Tonight I went to Zumba class. It didn't end well. Here's why:
1. I have NO coordination whatsoever. This is mostly to blame on being an ex-swimmer. For those of you who don't know, swimmers are the kids who got thrown in the pool because we sucked at normal sports like soccer.
2. Rhythm. What rhythm? I gave up dance years ago. I got kicked out of ballet class and can only dance like Beyonce after a cocktail.
3. I'm tall (and awkward). I really wish I could drop it low...but tonight proved otherwise.
5. I can't shake what my mama gave me...because she gave me none. Sorry mom, but I got dad's flat, flat butt.
6. The teacher is crazy and questionably on drugs. Not kidding.
7. I have no right to be at the gym.

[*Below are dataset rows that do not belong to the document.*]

(* Let $T$ be an Artin algebra, $X$ an indecomposable left $T$-module and $n\geq1$ an integer. Let $B_n'$ be the algebra of $n\times n$ upper triangular matrices with entries in $T$, $$B_n'=\begin{pmatrix} T&T&\cdots&T\\ 0&T&\cdots&T\\ \vdots&\vdots&\ddots&\vdots\\ 0&0&\cdots&T\end{pmatrix},$$ and let $M_n$ be the column $\begin{pmatrix}T\\ \vdots\\ T\end{pmatrix}$ with $n$ rows, with left $B_n'$-action and right $T$-action given by matrix multiplication. Then $M_n\otimes_TX$ is an indecomposable left $B_n'$-module.
   Context: Standard notions only: Artin algebras, tensor products of bimodules and modules. *)

From HB Require Import structures.
From mathcomp Require Import all_boot all_order all_algebra.
Set Implicit Arguments. Unset Strict Implicit. Unset Printing Implicit Defensive.
Import Order.TTheory GRing.Theory Num.Theory.
Local Open Scope ring_scope.

Definition is_ideal (R : comNzRingType) (I : R -> Prop) : Prop :=
  I 0 /\ (forall x y, I x -> I y -> I (x + y)) /\ (forall r x, I x -> I (r * x)).

Definition artinian_ring (R : comNzRingType) : Prop :=
  forall I : nat -> R -> Prop,
    (forall k, is_ideal (I k)) ->
    (forall k x, I k.+1 x -> I k x) ->
    exists N, forall k, (N <= k)%N -> forall x, I k x <-> I N x.

Definition fin_gen (R : pzRingType) (V : lmodType R) : Prop :=
  exists s : seq V, forall v : V, exists c : nat -> R,
    v = \sum_(i < size s) c i *: s`_i.

Definition artin_algebra (R : comNzRingType) (T : algType R) : Prop :=
  artinian_ring R /\ fin_gen (T : lmodType R).

Definition is_submod (T : pzRingType) (X : lmodType T) (U : X -> Prop) : Prop :=
  U 0 /\ (forall x y, U x -> U y -> U (x + y)) /\ (forall t x, U x -> U (t *: x)).

Definition indecomposable (V : zmodType) (sub : (V -> Prop) -> Prop) : Prop :=
  (exists v : V, v <> 0) /\
  forall U W : V -> Prop, sub U -> sub W ->
    (forall v, U v -> W v -> v = 0) ->
    (forall v, exists u w, U u /\ W w /\ v = u + w) ->
    (forall v, U v -> v = 0) \/ (forall v, W v -> v = 0).

(* Upper triangular n x n matrices: the elements of B_n'. *)
Definition upper_tri (T : pzRingType) (n : nat) (A : 'M[T]_n) : Prop :=
  forall i j : 'I_n, (j < i)%N -> A i j = 0.

(* M_n = column T^n, right T-action by matrix multiplication. *)
Definition rmulM (T : pzRingType) (n : nat) (m : 'cV[T]_n) (t : T) : 'cV[T]_n :=
  m *m (t%:M : 'M[T]_1).

Definition balanced (T : pzRingType) (n : nat) (X : lmodType T) (G : zmodType)
  (f : 'cV[T]_n -> X -> G) : Prop :=
  (forall m1 m2 x, f (m1 + m2) x = f m1 x + f m2 x) /\
  (forall m x1 x2, f m (x1 + x2) = f m x1 + f m x2) /\
  (forall m t x, f (rmulM m t) x = f m (t *: x)).

Definition is_tensor_product (T : pzRingType) (n : nat) (X : lmodType T)
  (P : zmodType) (tens : 'cV[T]_n -> X -> P) : Prop :=
  balanced tens /\
  forall (G : zmodType) (f : 'cV[T]_n -> X -> G), balanced f ->
    (exists g : P -> G, (forall p q, g (p + q) = g p + g q) /\
                        (forall m x, g (tens m x) = f m x)) /\
    (forall g1 g2 : P -> G,
        (forall p q, g1 (p + q) = g1 p + g1 q) ->
        (forall p q, g2 (p + q) = g2 p + g2 q) ->
        (forall m x, g1 (tens m x) = f m x) ->
        (forall m x, g2 (tens m x) = f m x) ->
        forall p, g1 p = g2 p).

Definition induced_action (T : pzRingType) (n : nat) (X : lmodType T)
  (P : zmodType) (tens : 'cV[T]_n -> X -> P) (act : 'M[T]_n -> P -> P) : Prop :=
  forall A, upper_tri A ->
    (forall p q, act A (p + q) = act A p + act A q) /\
    (forall m x, act A (tens m x) = tens (A *m m) x).

Definition is_Bsubmod (T : pzRingType) (n : nat) (P : zmodType)
  (act : 'M[T]_n -> P -> P) (U : P -> Prop) : Prop :=
  U 0 /\ (forall p q, U p -> U q -> U (p + q)) /\
  (forall A p, upper_tri A -> U p -> U (act A p)).

From mathcomp Require Import all_boot all_order all_algebra.
Set Implicit Arguments. Unset Strict Implicit. Unset Printing Implicit Defensive.
Import GRing.Theory.
Local Open Scope ring_scope.

(* View M_n (x) X as the column (X, ..., X): the universal property gives
   coordinate maps pi_j (m (x) x |-> m_j x), and the matrix unit E_ij (i <= j)
   acts as p |-> e_i (x) pi_j p.  A B_n'-submodule U yields the T-submodule
   U_0 = {x | e_0 (x) x \in U} of X.  A decomposition U (+) W of M_n (x) X
   induces X = U_0 (+) W_0, because E_00 preserves U and W and e_0 (x) - is
   injective (pi_0 is a left inverse).  And U_0 = 0 forces U = 0: for p in U,
   E_0j p = e_0 (x) pi_j p lies in U, so pi_j p = 0 for all j, whence
   p = sum_j E_jj p = sum_j e_j (x) pi_j p = 0. *)

Definition col_unit {T : pzRingType} {n : nat} (i : 'I_n) : 'cV[T]_n :=
  delta_mx i 0.

Lemma balanced_coord (T : pzRingType) (n : nat) (X : lmodType T) (j : 'I_n) :
  balanced (fun (m : 'cV[T]_n) (x : X) => m j 0 *: x).
Proof.
split; first by move=> m1 m2 x; rewrite mxE scalerDl.
split; first by move=> m x1 x2; rewrite scalerDr.
by move=> m t x; rewrite /rmulM mxE big_ord1 mxE eqxx mulr1n scalerA.
Qed.

Lemma upper_tri_delta {T : pzRingType} {n : nat} (i j : 'I_n) :
  (i <= j)%N -> upper_tri (delta_mx i j : 'M[T]_n).
Proof.
move=> le_ij a b lt_ba; rewrite mxE.
case: eqP => [ai|] //; case: eqP => [bj|] //=.
by move: lt_ba; rewrite ai bj ltnNge le_ij.
Qed.

Lemma upper_tri_scalar {T : pzRingType} {n : nat} (t : T) :
  upper_tri (t%:M : 'M[T]_n).
Proof.
move=> a b lt_ba; rewrite mxE.
have /negbTE -> : a != b by apply: contraTneq lt_ba => ->; rewrite ltnn.
by rewrite mulr0n.
Qed.

Lemma delta_mulmx_col (T : pzRingType) (n : nat) (i j : 'I_n) (m : 'cV[T]_n) :
  delta_mx i j *m m = rmulM (col_unit i) (m j 0).
Proof.
rewrite /rmulM /col_unit -(@mul_delta_mx T n 1 n 0 i j) -mulmxA -rowE.
by rewrite {1}(mx11_scalar (row j m)) mxE.
Qed.

Lemma rmulM_col_unit (T : pzRingType) (n : nat) (i : 'I_n) (t : T) :
  rmulM (col_unit i) t = t%:M *m col_unit i.
Proof.
rewrite mul_scalar_mx; apply/matrixP => a b.
by rewrite !mxE big_ord1 !mxE (ord1 b) eqxx mulr1n mulr_natl mulr_natr.
Qed.

Section TensorProduct.

Variables (T : pzRingType) (n : nat) (X : lmodType T) (P : zmodType).
Variable tens : 'cV[T]_n -> X -> P.
Hypothesis tensP : is_tensor_product tens.

Lemma tensDr m : {morph tens m : x y / x + y}.
Proof. by case: tensP => [[_ [tensDr _]] _]; exact: tensDr. Qed.

Lemma tens0l x : tens 0 x = 0.
Proof.
case: tensP => [[tensDl _] _].
by apply/(addrI (tens 0 x)); rewrite addr0 -tensDl addr0.
Qed.

Lemma tens0r m : tens m 0 = 0.
Proof. by apply/(addrI (tens m 0)); rewrite addr0 -tensDr addr0. Qed.

Lemma tens_suml (I : finType) (F : I -> 'cV[T]_n) x :
  tens (\sum_i F i) x = \sum_i tens (F i) x.
Proof.
case: tensP => [[tensDl _] _].
by apply: (big_morph (tens^~ x)) => [m1 m2|]; [exact: tensDl | exact: tens0l].
Qed.

Lemma tens_lift (G : zmodType) (f : 'cV[T]_n -> X -> G) : balanced f ->
  exists g : P -> G,
    {morph g : p q / p + q} /\ forall m x, g (tens m x) = f m x.
Proof. by case: tensP => _ univ /univ[]. Qed.

Lemma tens_ext (G : zmodType) (g1 g2 : P -> G) :
  {morph g1 : p q / p + q} -> {morph g2 : p q / p + q} ->
  (forall m x, g1 (tens m x) = g2 (tens m x)) -> g1 =1 g2.
Proof.
case: tensP => [[tensDl [_ tensA]] univ] g1D g2D g12.
have bal : balanced (fun m x => g2 (tens m x)).
  split; first by move=> m1 m2 x; rewrite tensDl g2D.
  split; first by move=> m x1 x2; rewrite tensDr g2D.
  by move=> m t x; rewrite tensA.
by have [_ ext] := univ G _ bal; apply: ext.
Qed.

Definition tens_coord (j : 'I_n) (pi : P -> X) : Prop :=
  {morph pi : p q / p + q} /\ forall m x, pi (tens m x) = m j 0 *: x.

Lemma tens_coord_exists j : exists pi, tens_coord j pi.
Proof. exact: tens_lift (balanced_coord X j). Qed.

Lemma tens_coord_col_unit j pi x : tens_coord j pi -> pi (tens (col_unit j) x) = x.
Proof. by case=> _ ->; rewrite mxE !eqxx scale1r. Qed.

Lemma tens_col_unit_inj j x : tens (col_unit j) x = 0 -> x = 0.
Proof.
have [pi piP] := tens_coord_exists j.
move=> tx0; rewrite -(tens_coord_col_unit x piP) tx0 -(tens0l 0).
by case: piP => _ ->; rewrite mxE scale0r.
Qed.

Variable act : 'M[T]_n -> P -> P.
Hypothesis actP : induced_action tens act.

Lemma act_delta (i j : 'I_n) pi : (i <= j)%N -> tens_coord j pi ->
  forall p, act (delta_mx i j) p = tens (col_unit i) (pi p).
Proof.
move=> le_ij [piD piE]; have [actD actE] := actP (upper_tri_delta le_ij).
apply: (tens_ext (g2 := fun p => tens (col_unit i) (pi p))) => // [p q|m x].
  by rewrite piD tensDr.
case: tensP => [[_ [_ tensA]] _].
by rewrite actE delta_mulmx_col tensA piE.
Qed.

Lemma act_sum_diag p : p = \sum_i act (delta_mx i i) p.
Proof.
have actD (i : 'I_n) := (actP (upper_tri_delta (leqnn i))).1.
have actE (i : 'I_n) := (actP (upper_tri_delta (leqnn i))).2.
apply: (tens_ext (g1 := id) (g2 := fun q => \sum_i act (delta_mx i i) q))
  => // [q r|m x].
  by rewrite -big_split; apply: eq_bigr => i _; rewrite actD.
rewrite -[in LHS](mul1mx m) mx1_sum_delta mulmx_suml tens_suml.
by apply: eq_bigr => i _; rewrite actE.
Qed.

Lemma tens_col_unit_scale i t x :
  tens (col_unit i) (t *: x) = act t%:M (tens (col_unit i) x).
Proof.
case: tensP => [[_ [_ tensA]] _].
by rewrite (actP (upper_tri_scalar t)).2 -rmulM_col_unit tensA.
Qed.

Hypothesis n_gt0 : (0 < n)%N.

Definition top : 'I_n := Ordinal n_gt0.

Definition top_slice (U : P -> Prop) (x : X) : Prop := U (tens (col_unit top) x).

Lemma top_slice_coord U j pi p : is_Bsubmod act U -> tens_coord j pi -> U p ->
  top_slice U (pi p).
Proof.
case=> _ [_ Uact] piP Up; have top_le : (top <= j)%N by [].
rewrite /top_slice -(act_delta top_le piP).
exact/Uact/Up/upper_tri_delta.
Qed.

Lemma is_submod_top_slice U : is_Bsubmod act U -> is_submod (top_slice U).
Proof.
case=> U0 [UD Uact]; split; first by rewrite /top_slice tens0r.
split; first by move=> x y Ux Uy; rewrite /top_slice tensDr; apply: UD.
move=> t x Ux; rewrite /top_slice tens_col_unit_scale.
exact/Uact/Ux/upper_tri_scalar.
Qed.

Lemma top_slice_eq0 U : is_Bsubmod act U ->
  (forall x, top_slice U x -> x = 0) -> forall p, U p -> p = 0.
Proof.
move=> subU U0_eq0 p Up; rewrite (act_sum_diag p) big1 // => j _.
have [pi piP] := tens_coord_exists j.
rewrite (act_delta (leqnn j) piP) (U0_eq0 _ (top_slice_coord subU piP Up)).
exact: tens0r.
Qed.

Lemma top_slice_cover U W : is_Bsubmod act U -> is_Bsubmod act W ->
  (forall p, exists u w, U u /\ W w /\ p = u + w) ->
  forall x, exists u w, top_slice U u /\ top_slice W w /\ x = u + w.
Proof.
move=> subU subW UW x; have [pi piP] := tens_coord_exists top.
have [u [w [Uu [Ww uw]]]] := UW (tens (col_unit top) x).
exists (pi u), (pi w); split; first exact: top_slice_coord piP Uu.
split; first exact: top_slice_coord piP Ww.
by case: (piP) => piD _; rewrite -piD -uw (tens_coord_col_unit x piP).
Qed.

End TensorProduct.

Theorem lemma4p3 (R : comNzRingType) (T : algType R) (X : lmodType T) (n : nat)
  (P : zmodType) (tens : 'cV[T]_n -> X -> P) (act : 'M[T]_n -> P -> P) :
  artin_algebra T ->
  fin_gen X ->
  indecomposable (@is_submod T X) ->
  (0 < n)%N ->
  is_tensor_product tens ->
  induced_action tens act ->
  indecomposable (is_Bsubmod act).
Proof.
move=> _ _ [[x x_neq0] indX] n_gt0 tensP actP.
split.
  by exists (tens (col_unit (top n_gt0)) x) => /(tens_col_unit_inj tensP).
move=> U W subU subW UW_eq0 UW_cover.
have [U0_eq0|W0_eq0] := indX _ _
  (is_submod_top_slice tensP actP n_gt0 subU)
  (is_submod_top_slice tensP actP n_gt0 subW)
  (fun y Uy Wy => tens_col_unit_inj tensP (UW_eq0 _ Uy Wy))
  (top_slice_cover tensP actP n_gt0 subU subW UW_cover).
- by left=> p; apply: (top_slice_eq0 tensP actP subU U0_eq0).
- by right=> p; apply: (top_slice_eq0 tensP actP subW W0_eq0).
Qed.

It's true. I should be home pinning or better yet, at happy hour.
8. I'm only used to suburban Zumba, not city Zumba. Suburban Zumba is filled with housewives and high-schoolers . . . not professionals who go to art school and have been finalists on SYTYCD.
9. I suck at positioning. Being the blonde I am, I situated myself in the only corner of the room where the teacher was NO WHERE TO BE SEEN. This meant I had absolutely no idea what was going on. None.
10. I waited until March to have a New Year's resolution. Actually, I waited until I overdosed on pizza. Long story short, no one told me that each class was an accumulation of moves from the week past.
Side notes: Seeing myself dance in the mirror, I want to apologize to all those who have ever gone out with me on a Saturday night. I also want to apologize to the girl next to me. Poor thing, had to witness a train wreck up close and personal.